I.2.1. “The Family Dilemma”: sicurezza o libertà?

Nei drammi che abbiamo brevemente esaminato la famiglia - con la casa che ne è un’appendice[1] - emerge, da un lato, come il luogo depositario dei sogni di armonia, complicità e reciproca protezione nutriti dai personaggi; dall’altro, lacerato com’è da feroci tensioni e gravato di aspettative irragionevoli, il nucleo famigliare si rivela spesso d’impedimento alle esigenze individuali di serenità ed emancipazione, e non fa che alimentare   nei   suoi  membri  ardenti  desideri  di  fuga.    “Gli  scenari che questa drammaturgia [...] ci evoca” - è stato notato  da Mario Maffi - esprimono “un bisogno acuto di radici che coesiste con una cronica volontà di sfuggire a qualunque radicamento”[2].  Così, se è  vero, come ha affermato un critico, che:

most of the values that operate in our society are still drawn from the bourgeois ideal of domestic harmony, necessary for the smooth functioning of the [social] machine[3],

resta il fatto che “there are subconscious desires fundamentally in conflict with the harmonious ideal”[4], desideri che - proprio perché inconsci e/o a lungo repressi - quando finalmente si manifestano sono causa di profondi turbamenti.

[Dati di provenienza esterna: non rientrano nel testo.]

Record is_Csubsystem (Ob : forall n, ctx n -> Prop)
    (Hom : forall m n, ctx m -> ctx n -> mor m n -> Prop) : Prop := {
  cs_hom_src : forall m n (X : ctx m) (Y : ctx n) f, Hom m n X Y f -> Ob m X;
  cs_hom_tgt : forall m n (X : ctx m) (Y : ctx n) f, Hom m n X Y f -> Ob n Y;
  cs_id : forall n (X : ctx n), Ob n X -> Hom n n X X (idmor n);
  cs_comp : forall m n k (X : ctx m) (Y : ctx n) (Z : ctx k) f g,
      Hom m n X Y f -> Hom n k Y Z g -> Hom m k X Z (comp g f);
  cs_pt : Ob 0 cnil;
  cs_ft : forall n (G : ctx n) T, Ob n.+1 (csnoc G T) -> Ob n G;
  cs_p : forall n (G : ctx n) T, Ob n.+1 (csnoc G T) ->
      Hom n.+1 n (csnoc G T) G (pmor n);
  cs_pull : forall n (G : ctx n) T m (Y : ctx m) (f : mor m n),
      Ob n.+1 (csnoc G T) -> Hom m n Y G f -> Ob m.+1 (csnoc Y (act f T));
  cs_q : forall n (G : ctx n) T m (Y : ctx m) (f : mor m n),
      Ob n.+1 (csnoc G T) -> Hom m n Y G f ->
      Hom m.+1 n.+1 (csnoc Y (act f T)) (csnoc G T) (qmor f);
  (* s_f : Y -> (p_X o f)^*X, characterised by p o s_f = id, q(p_X o f, X) o s_f = f *)
  cs_s : forall n (G : ctx n) T m (Y : ctx m) (f : mor m n.+1),
      Ob n.+1 (csnoc G T) -> Hom m n.+1 Y (csnoc G T) f ->
      forall s : mor m m.+1,
        comp (pmor m) s = idmor m ->
        comp (qmor (comp (pmor n) f)) s = f ->
        Hom m m.+1 Y (csnoc Y (act (comp (pmor n) f) T)) s
}.

(* \tilde Ob(CC): sections s : ft(X) -> X in CC with p_X o s = id, identified
   with (T_1,..,T_n,T,t) where t is the last component of s. *)
Definition Obtilde (Hom : forall m n, ctx m -> ctx n -> mor m n -> Prop)
    n (G : ctx n) (T : LM 'I_n) (t : R 'I_n) : Prop :=
  exists s : mor n n.+1,
    [/\ Hom n n.+1 G (csnoc G T) s, comp (pmor n) s = idmor n & s ord_max = t].

(* t_{n+1}: renaming i |-> i (i <= n), i |-> i+1 (i > n)  (paper, 1-indexed);
   0-indexed this is bump n. *)
Definition wkI (n m : nat) (i : 'I_m) : 'I_m.+1 := inord (bump n i).
Definition wkLM (n : nat) m (E : LM 'I_m) : LM 'I_m.+1 :=
  act (fun i => ret (wkI n i)) E.
Definition wkR (n : nat) m (r : R 'I_m) : R 'I_m.+1 :=
  bind (fun i => ret (wkI n i)) r.

(* s_{n+1}(E[s/n+1]) for E over [m+1] (m >= n):
   E(1/1,..,n/n, s/n+1, n+1/n+2, .., m/m+1), s regarded in R([m]) via [n] in [m].
   0-indexed: i <> n |-> unbump n i, i = n |-> s. *)
Definition substI (n m : nat) (H : n <= m) (s : R 'I_n) (i : 'I_m.+1) : R 'I_m :=
  match unlift (@Ordinal m.+1 n H) i with
  | Some j => ret j
  | None => bind (fun j => ret (widen_ord H j)) s
  end.
Definition substLM n m (H : n <= m) (s : R 'I_n) (E : LM 'I_m.+1) : LM 'I_m :=
  act (substI H s) E.
Definition substR n m (H : n <= m) (s : R 'I_n) (r : R 'I_m.+1) : R 'I_m :=
  bind (substI H s) r.

(* weakctx G T Th Th'  <->  Th = (G,Delta) and Th' = (G,T,t_{n+1}(Delta))
   for some (possibly empty) Delta. *)
Inductive weakctx n (G : ctx n) (T : LM 'I_n) : forall m, ctx m -> ctx m.+1 -> Prop :=
| weak_nil : @weakctx n G T n G (csnoc G T)
| weak_snoc m (Th : ctx m) (Th' : ctx m.+1) (D : LM 'I_m) :
    @weakctx n G T m Th Th' ->
    @weakctx n G T m.+1 (csnoc Th D) (csnoc Th' (wkLM n D)).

Questa palese dicotomia è stata spiegata da Dennis Welland in termini di lotta tra due forze antagoniste all’interno della cellula domestica (o, meglio, della coscienza dei suoi componenti): una forza centripeta   “holds the family together”[5], compattandola specie nei momenti difficili;  un’altra,  centrifuga, risulta in una tendenza all’evasione e alla dissoluzione dei legami famigliari.  Benché nessuno dei due impulsi prevalga sull’altro,  stando alla descrizione di Welland è questa seconda forza centrifuga a essere più evidente nei “family plays”, che mostrano  “a concern for family failure and destruction, [...] a wish to desecrate the household gods”[6].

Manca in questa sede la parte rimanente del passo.